[What the task asks]
Scan the records for the word "vsubmxK". Report each line where it occurs.
── Material provided
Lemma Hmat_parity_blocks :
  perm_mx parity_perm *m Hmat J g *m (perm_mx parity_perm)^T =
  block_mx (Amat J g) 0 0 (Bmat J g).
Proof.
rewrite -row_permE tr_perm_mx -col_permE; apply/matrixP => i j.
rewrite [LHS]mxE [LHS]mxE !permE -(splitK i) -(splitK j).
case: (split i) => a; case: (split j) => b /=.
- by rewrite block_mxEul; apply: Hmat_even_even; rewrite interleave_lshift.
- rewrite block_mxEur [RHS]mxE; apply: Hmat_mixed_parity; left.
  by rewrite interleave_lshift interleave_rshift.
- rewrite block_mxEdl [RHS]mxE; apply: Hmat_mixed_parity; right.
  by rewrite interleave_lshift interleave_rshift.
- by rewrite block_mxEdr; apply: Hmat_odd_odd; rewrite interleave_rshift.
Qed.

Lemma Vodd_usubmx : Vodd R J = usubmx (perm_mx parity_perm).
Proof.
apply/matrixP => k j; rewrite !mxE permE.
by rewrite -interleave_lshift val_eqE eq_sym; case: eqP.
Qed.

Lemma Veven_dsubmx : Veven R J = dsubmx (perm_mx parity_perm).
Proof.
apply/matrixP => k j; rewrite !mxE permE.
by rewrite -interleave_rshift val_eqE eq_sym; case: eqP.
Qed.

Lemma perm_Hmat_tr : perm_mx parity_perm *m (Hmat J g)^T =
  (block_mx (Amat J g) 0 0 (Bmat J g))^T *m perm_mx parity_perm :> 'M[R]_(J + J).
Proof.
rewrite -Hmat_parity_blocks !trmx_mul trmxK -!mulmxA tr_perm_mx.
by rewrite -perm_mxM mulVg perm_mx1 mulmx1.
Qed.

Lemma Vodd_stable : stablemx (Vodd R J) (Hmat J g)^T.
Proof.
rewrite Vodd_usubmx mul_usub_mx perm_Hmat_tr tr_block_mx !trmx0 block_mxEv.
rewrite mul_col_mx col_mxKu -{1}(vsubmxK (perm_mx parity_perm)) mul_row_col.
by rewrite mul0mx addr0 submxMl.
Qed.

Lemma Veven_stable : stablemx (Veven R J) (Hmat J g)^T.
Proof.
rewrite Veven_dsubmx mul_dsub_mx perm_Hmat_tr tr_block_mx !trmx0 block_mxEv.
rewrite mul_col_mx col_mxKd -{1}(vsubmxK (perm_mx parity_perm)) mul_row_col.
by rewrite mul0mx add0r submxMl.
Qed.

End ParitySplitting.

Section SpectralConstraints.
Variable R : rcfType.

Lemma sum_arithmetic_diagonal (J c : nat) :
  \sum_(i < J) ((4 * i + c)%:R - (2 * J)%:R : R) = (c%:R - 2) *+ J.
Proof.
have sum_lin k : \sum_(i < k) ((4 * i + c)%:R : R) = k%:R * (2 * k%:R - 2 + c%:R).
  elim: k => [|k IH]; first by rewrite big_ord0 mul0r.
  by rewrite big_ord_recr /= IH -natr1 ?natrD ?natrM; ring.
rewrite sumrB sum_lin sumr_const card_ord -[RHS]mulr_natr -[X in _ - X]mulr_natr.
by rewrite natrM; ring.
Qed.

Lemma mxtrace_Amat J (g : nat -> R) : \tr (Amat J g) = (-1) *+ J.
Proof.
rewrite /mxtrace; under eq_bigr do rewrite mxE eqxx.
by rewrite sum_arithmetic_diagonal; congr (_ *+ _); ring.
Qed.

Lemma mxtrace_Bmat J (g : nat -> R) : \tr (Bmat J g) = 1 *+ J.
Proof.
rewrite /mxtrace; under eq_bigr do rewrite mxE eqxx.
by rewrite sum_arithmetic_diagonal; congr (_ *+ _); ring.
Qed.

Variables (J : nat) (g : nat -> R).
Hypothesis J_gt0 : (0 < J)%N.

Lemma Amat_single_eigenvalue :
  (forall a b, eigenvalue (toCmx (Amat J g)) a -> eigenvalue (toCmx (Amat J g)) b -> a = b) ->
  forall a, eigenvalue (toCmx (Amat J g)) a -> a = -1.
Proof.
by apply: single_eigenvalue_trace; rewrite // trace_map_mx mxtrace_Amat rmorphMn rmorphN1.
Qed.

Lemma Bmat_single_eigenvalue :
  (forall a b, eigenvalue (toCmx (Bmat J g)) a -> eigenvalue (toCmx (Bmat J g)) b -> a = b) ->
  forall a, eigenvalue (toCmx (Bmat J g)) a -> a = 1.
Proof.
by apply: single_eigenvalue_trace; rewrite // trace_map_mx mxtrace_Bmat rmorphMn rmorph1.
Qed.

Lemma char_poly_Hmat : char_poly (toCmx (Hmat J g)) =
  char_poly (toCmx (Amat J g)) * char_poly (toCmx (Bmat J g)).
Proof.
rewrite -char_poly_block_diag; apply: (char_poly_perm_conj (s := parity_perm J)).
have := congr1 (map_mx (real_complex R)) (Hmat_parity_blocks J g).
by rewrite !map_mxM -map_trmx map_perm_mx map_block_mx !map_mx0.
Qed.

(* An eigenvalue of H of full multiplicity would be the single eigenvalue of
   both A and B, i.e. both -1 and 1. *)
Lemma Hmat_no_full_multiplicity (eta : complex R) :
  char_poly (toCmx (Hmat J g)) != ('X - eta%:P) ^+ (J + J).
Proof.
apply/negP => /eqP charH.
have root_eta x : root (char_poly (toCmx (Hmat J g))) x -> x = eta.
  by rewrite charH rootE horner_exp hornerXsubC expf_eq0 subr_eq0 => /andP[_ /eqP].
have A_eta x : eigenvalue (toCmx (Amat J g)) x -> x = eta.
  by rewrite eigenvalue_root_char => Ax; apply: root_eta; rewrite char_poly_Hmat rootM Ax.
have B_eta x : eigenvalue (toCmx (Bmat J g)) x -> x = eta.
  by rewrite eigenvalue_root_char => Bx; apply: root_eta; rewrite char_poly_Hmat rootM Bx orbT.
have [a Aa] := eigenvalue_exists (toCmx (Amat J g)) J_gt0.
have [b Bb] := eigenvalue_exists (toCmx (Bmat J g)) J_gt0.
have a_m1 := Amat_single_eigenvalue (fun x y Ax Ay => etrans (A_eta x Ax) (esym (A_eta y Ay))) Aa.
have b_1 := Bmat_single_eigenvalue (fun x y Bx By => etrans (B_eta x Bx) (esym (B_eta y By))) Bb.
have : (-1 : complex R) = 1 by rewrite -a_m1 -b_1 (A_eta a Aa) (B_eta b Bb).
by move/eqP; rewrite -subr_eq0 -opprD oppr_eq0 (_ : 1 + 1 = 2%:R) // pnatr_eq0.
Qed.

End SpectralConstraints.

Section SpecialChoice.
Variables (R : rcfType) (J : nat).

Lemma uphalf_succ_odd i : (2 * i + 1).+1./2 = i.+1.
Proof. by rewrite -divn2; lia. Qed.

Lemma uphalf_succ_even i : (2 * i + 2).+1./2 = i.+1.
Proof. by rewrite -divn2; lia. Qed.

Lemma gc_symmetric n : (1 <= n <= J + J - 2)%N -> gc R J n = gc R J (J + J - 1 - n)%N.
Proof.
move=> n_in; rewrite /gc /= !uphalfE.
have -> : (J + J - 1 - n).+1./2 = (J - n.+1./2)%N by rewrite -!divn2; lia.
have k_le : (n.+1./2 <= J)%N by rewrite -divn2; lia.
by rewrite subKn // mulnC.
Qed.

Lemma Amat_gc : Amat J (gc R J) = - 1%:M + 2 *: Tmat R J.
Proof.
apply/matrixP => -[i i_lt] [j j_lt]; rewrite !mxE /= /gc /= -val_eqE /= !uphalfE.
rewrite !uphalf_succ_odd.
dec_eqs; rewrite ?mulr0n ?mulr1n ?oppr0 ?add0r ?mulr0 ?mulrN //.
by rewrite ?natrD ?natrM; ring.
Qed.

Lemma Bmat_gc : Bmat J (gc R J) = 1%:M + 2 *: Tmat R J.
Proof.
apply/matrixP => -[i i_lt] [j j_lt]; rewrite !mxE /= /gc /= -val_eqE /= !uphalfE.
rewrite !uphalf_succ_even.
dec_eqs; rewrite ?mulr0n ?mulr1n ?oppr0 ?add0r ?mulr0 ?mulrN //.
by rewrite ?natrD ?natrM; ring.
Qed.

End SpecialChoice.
────
── Material provided
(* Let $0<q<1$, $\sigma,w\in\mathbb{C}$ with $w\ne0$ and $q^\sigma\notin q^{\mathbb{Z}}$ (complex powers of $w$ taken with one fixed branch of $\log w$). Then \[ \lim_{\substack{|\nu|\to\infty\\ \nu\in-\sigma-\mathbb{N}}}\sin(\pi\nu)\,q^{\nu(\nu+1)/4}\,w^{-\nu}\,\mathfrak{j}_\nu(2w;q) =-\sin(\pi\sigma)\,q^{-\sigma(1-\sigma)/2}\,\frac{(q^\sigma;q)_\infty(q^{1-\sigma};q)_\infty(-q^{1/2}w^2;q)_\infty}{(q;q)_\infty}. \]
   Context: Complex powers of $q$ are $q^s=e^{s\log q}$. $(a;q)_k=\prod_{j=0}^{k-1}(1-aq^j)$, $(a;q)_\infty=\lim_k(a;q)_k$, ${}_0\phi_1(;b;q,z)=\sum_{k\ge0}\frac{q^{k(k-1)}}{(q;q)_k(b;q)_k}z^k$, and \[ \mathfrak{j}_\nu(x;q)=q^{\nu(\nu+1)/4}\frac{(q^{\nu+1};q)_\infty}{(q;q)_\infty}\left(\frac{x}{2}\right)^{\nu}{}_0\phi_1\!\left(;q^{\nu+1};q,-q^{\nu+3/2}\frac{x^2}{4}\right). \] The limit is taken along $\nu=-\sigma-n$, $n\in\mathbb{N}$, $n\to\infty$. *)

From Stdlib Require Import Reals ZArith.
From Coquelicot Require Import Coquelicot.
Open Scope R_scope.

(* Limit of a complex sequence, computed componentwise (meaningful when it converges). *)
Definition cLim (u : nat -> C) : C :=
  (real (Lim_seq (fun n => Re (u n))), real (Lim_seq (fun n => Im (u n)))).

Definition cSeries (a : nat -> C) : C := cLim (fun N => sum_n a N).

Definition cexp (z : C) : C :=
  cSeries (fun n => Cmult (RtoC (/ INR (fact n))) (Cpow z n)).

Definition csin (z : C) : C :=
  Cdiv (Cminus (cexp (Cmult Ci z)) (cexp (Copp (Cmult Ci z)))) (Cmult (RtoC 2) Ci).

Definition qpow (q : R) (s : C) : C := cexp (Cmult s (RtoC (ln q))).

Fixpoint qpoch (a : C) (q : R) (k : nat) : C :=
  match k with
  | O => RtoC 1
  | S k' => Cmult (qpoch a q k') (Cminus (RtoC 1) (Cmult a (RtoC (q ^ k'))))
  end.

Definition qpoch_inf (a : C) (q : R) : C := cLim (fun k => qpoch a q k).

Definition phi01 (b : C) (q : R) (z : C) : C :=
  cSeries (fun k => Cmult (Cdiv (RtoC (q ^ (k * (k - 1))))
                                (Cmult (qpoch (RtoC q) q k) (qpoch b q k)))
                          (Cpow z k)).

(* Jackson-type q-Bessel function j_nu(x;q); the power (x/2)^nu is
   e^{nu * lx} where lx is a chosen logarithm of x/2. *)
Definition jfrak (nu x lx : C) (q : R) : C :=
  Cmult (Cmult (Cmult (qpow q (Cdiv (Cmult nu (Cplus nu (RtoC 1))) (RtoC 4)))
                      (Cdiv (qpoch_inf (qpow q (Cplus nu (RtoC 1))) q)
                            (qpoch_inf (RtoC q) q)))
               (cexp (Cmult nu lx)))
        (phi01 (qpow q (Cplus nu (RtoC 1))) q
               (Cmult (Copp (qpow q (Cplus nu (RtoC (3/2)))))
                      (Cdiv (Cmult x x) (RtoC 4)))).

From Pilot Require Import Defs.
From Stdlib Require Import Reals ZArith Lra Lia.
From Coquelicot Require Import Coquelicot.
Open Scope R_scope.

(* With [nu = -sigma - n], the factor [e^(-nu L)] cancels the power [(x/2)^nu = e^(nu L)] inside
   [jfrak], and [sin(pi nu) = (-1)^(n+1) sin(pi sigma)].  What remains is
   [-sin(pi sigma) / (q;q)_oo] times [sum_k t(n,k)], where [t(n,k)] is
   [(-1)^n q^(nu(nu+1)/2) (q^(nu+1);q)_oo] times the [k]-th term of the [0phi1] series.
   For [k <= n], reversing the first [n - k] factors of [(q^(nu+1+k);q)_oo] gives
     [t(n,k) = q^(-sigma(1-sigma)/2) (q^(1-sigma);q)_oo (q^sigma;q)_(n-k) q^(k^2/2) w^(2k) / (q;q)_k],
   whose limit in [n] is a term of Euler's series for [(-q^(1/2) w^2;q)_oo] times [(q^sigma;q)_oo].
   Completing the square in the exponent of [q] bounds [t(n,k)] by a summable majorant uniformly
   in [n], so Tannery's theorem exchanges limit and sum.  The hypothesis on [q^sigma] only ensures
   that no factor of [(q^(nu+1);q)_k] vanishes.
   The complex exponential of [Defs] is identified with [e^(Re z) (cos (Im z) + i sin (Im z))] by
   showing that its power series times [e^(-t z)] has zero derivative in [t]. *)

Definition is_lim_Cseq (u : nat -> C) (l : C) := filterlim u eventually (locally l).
────
[Expected output]
rewrite mul_col_mx col_mxKu -{1}(vsubmxK (perm_mx parity_perm)) mul_row_col.
rewrite mul_col_mx col_mxKd -{1}(vsubmxK (perm_mx parity_perm)) mul_row_col.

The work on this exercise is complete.